The legal drama involving this white elephant property has taken so many twists and turns.
A businessman who was booted out of a property that he had occupied for many years (ended only by a court ruling which he likely didn’t expect) inadvertently left behind a massive inventory alongside stacks of office documents that some people are now trying to retrieve from the landlord at all cost.
We heard that someone tried to bribe the landlord’s chief of security with a glittering eight-digit monetary reward but the ex-military man was just too decent. Not only did the chief of security turn down the generous offer, he reported the incident and fortified the defenses of the perimeter.
More than the merchandise left on the ground, could there be documents that are too precious or too damning to leave behind enemy lines?
Meanwhile, another company has intervened in the court proceedings as a third party claiming ownership of the inventory. But in doing so, it has only involved itself into the main legal battle as its corporate veil is now being “pierced” by the landlord.

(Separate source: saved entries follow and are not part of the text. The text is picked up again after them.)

(* The geometric series: (sum_{m<k} a^m)(1 - a) = 1 - a^k, and a^k = 0 mod z^k. *)
Lemma smul_sinv_l m : (m < k)%N -> smul (sinv k b) b m = sone n m.
Proof.
move=> mk; rewrite smul_coef // (@coefM_low _ _ (\sum_(j < k) spoly a ^+ j)); last first.
  by move=> j jm; have jk := leq_ltn_trans jm mk; rewrite coef_poly jk sinv_coef.
rewrite spoly_unipotent mulrBr mulr1 mulr_suml.
have E (j : 'I_k) : spoly a ^+ j * spoly a = spoly a ^+ j.+1 by rewrite exprSr.
rewrite (eq_bigr _ (fun j _ => E j)).
rewrite -opprB -sumrB -(big_mkord xpredT (fun j => spoly a ^+ j.+1 - spoly a ^+ j)).
rewrite telescope_sumr // expr0 opprB.
by rewrite coefB coefC coef_exp_lt // subr0 /sone; case: (m == 0%N).
Qed.

Lemma coad_intertwines X : intertwines k b (coad k b X) X.
Proof.
move=> i /andP [i_gt0 ik]; set c := sinv k b.
transitivity (\sum_(p < k) b p *m \sum_(q < k - i) \sum_(q' < k)
    (if (q' + q < k - i - p)%N then X (i + p + (q' + q))%N *m c q' *m b q else 0)).
  rewrite /coad; under eq_bigr => q _ do rewrite mulmx_suml.
  under eq_bigr => q _ do under eq_bigr => p _ do rewrite mulmx_suml.
  rewrite exchange_big /=; apply: eq_bigr => p _; rewrite mulmx_sumr.
  apply: eq_bigr => q _; rewrite mulmx_sumr; apply: eq_bigr => q' _ /=.
  case: ifP => h1; case: ifP => h2; try by exfalso; move: h1 h2; lia.
    by rewrite !mulmxA (_ : (i + q + p + q' = i + p + (q' + q))%N) //; lia.
  by rewrite mul0mx mulmx0.
rewrite (big_ord_widen k (fun p => b p *m X (i + p)%N) (leq_subr i k)) [RHS]big_mkcond.
apply: eq_bigr => p _; case: ifP => hp; last first.
  rewrite big1 ?mulmx0 // => q _; apply: big1 => q' _; case: ifP => //; lia.
congr (_ *m _); rewrite (@sum_antidiagonal _ _ _ _
  (fun q' q => X (i + p + (q' + q))%N *m c q' *m b q)); last 2 first.
- exact: leq_subr.
- by apply: leq_trans (leq_subr _ _) (leq_subr _ _).
transitivity (\sum_(m < k - i - p) X (i + p + m)%N *m sone n m).
  apply: eq_bigr => m _; rewrite -smul_sinv_l; last by have := ltn_ord m; lia.
  rewrite /smul mulmx_sumr; apply: eq_bigr => q' _.
  by rewrite subnKC ?mulmxA // -ltnS.
rewrite (_ : (k - i - p = (k - i - p).-1.+1)%N); last by lia.
rewrite big_ord_recl big1 => [|m _]; last by rewrite mulmx0.
by rewrite addr0 addn0 mulmx1.
Qed.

The independence of this company is under question, especially as the key person behind this “third party” is reported to have close personal ties with the businessman.–Doris C. Dumlao
Protectionist plea junked
The application of Puyat Steel Corp. for the imposition of safeguard measures against galvanized iron (GI) and prepainted galvanized (PPG) iron sheets and coils imports was dismissed at the preliminary determination level by the Department of Trade and Industry.
The application was vigorously opposed by local manufacturers that claimed the application did not protect the interests of the local GI and PPG industry as a whole. A positive finding would have meant an increase in tariffs for imported GI and PPG products.
In the DTI’s order issued recently, Trade Secretary Gregory Domingo determined that, far from there being any danger to the local industry, Puyat Steel has shown “robust operations during the period of increased imports.”
“Specifically their raw material importations continuously increased,” the order said. “Their combined sales volume have been on an upward trend. Their gross profits increased from 2011 to 2012 and the January to August 2013 level is almost 82 percent of 2012. Net profits were also recorded.”
Naturally, oppositors to the application agreed.
“The imposition of safeguards is a drastic measure that requires the showing of serious injury to the local industry,” said international trade lawyer Miguel Silos, counsel to one of the importers. “In this case, the DTI simply found the numbers didn’t substantiate the claim of injury.”–Daxim L. Lucas
Shangri-La at The Fort
With its marked success in the hotel industry and the residential condominium development segment, Shang Global City Properties Inc. has embarked on a first-of-its-kind hybrid called Horizon Homes.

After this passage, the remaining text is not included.